Sunday, March 1, 2015

Supply, demand, and decoys

If you've made it this far down your blogroll, you've probably already seen Chuck Cowdery and Fred Minnick argue pro and con -- or rather, con and pro -- on the question, "Resolved: There is a bourbon shortage." (For me, the saddest part of this story is that Fred Minnick has a company; I kind of wanted to believe he made his living just by drinking whiskey.)

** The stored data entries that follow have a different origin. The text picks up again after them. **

Lemma m1_of_m2P {m : nat} {t : seq (nat * nat)} :
  is_M2 m t -> is_M1 m (m1_of_m2 t) /\ m2_of_m1 (m1_of_m2 t) = t.
Proof.
move=> t_M2; have tm : sumn (map fst t) = m by case/andP: t_M2 => /and3P[_ _ /eqP].
have [Pc tK] := chain_of_m2P t_M2; set P := chain_of_m2 t in Pc tK *.
have [s_M1 sK] := m1_of_chainP (rev P) ltac:(by rewrite dec_chain_rev).
rewrite sumn_m1_m2 tK tm in s_M1.
by rewrite /m1_of_m2 /m2_of_m1 -/P sK revK tK.
Qed.

Theorem corollary28 (m : nat) : 0 < m -> M1 m = M2 m.
Proof.
move=> _; apply: (@count_bij _ _ _ _ _ _ m2_of_m1 m1_of_m2).
- exact/uniq_seqs_upto/iota_uniq.
- exact/uniq_seqs_upto/uniq_ncopy_parts.
- move=> s _ /m2_of_m1P[t_M2 sK]; split => //.
  by apply: ncopy_partition_in_enum; case/andP: t_M2.
- move=> t _ /m1_of_m2P[s_M1 tK]; split => //.
  by apply: partition_in_enum; case/andP: s_M1.
Qed.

You've probably also seen Chuck's Minitrue followup on why the bourbon shortage we aren't having means more bourbon for everyone. In that piece, he links to Professor Cocktail's explanation of the elementary economics behind the bourbon shortage:
The reason that there is a shortage of particular types of bourbon is because they are generally sold at below-market prices.... Were the distillery/distributor/store to raise the prices of these bourbons, the surplus would disappear and an equilibrium price would eventually be reached.
In other words, all those SOBs who have been asking you what your favorite bourbon is have gone off and stocked up on it. If they went to the liquor store the week after the price was raised ten bucks, then that higher price is their own personal baseline. While you wince and hesitate, remembering those carefree prices of yesteryear, they brush past you and grab the last bottle.

Add to that the decoy effect of the higher price-point expressions.1 Suppose you go to the store and see Old Commonwealth Straight Whiskey for $30. It's a decent drink, you like having it on hand, but $30 is near the upper range of its value to you. You still have half a bottle at home, so you pass on it today.

Next week, events conspire to send you to the liquor store again, and you see the same whiskey for the same $30. But you notice that Old Commonwealth Reserve, which you've always found a bit syrupy, went from $45 to $50. Suddenly $30 doesn't seem like such a bad deal for a baseline OldCom. In a sense -- not common sense, but a sense nonetheless -- they've sort of lowered the price, haven't they? At least relative to the fancier expression. And when prices go down, demand goes up.

The decoy effect, I'm told, operates regardless of what people think might happen tomorrow, so there will be less OldCom on the shelf by the end of today. Add in the price-aware consumer, who knows whiskey prices are inflating, who foresees an OldCom price hike to match the OldCom Reserve's -- call it gouging if you like, if they can now sell OCR for $50 then OC probably is below market price at $30 -- and buys one or three bottles to bunker.

See? Plenty of whiskey on the shelves!
All of the above is typical (if not economically rational) consumer behavior. Bourbon availability is also affected by plenty of just plain nuts behavior, from more-money-than-sense newbies as well as panicky survivalists clearing out stores when they see something they don't expect to see a month from now. Dirtbag flippers and scuzzballs in the distribution chain help keep the top of the market sailing up out of sight, triggering the decoy effect followed by price adjustments in the undercard. Breathless reporting pumps oxygen into the fire.

So yes, both plenty of bourbon on the shelves and less than there used to be of what you want to drink for what you want to pay. Simple economics meets human nature.

What can you do about it? You can try to figure out your budget and what you're willing to pay before you go to the store, then stick to it (yes, yes, the preacher preaches to himself; I'm working on it). If you're in the has-more-whiskey-than-can-be-drunk-in-a-lifetime boat, you might drink your whiskey (sorry, didn't mean to shock you, sit down until the dizziness passes). You can start telling people your favorite bourbon is Distiller's Pride ("I know, I know, but for the price!"). You can make your peace with the fact that your thing is the hot thing right now and try to muddle through as best you can until the rum or tequila boom overtakes the whiskey boom.

Personally, I'm preparing a tuck-and-roll landing onto the apple brandy field. So far, the best I've found for the price is Hiram Walker.

1.The decoy effect makes Option A look more attractive than Option B by introducing an Option C that is unattractive compared to Option B but even less attractive compared to Option A. In this case, Option B is "anything other than Old Commonwealth Straight Whiskey." Is that a legitimate example of the decoy effect? I don't know, maybe. The point is, it sounds cool. Also, never learn economics from some hack whiskey blog; that's what Wikipedia is for.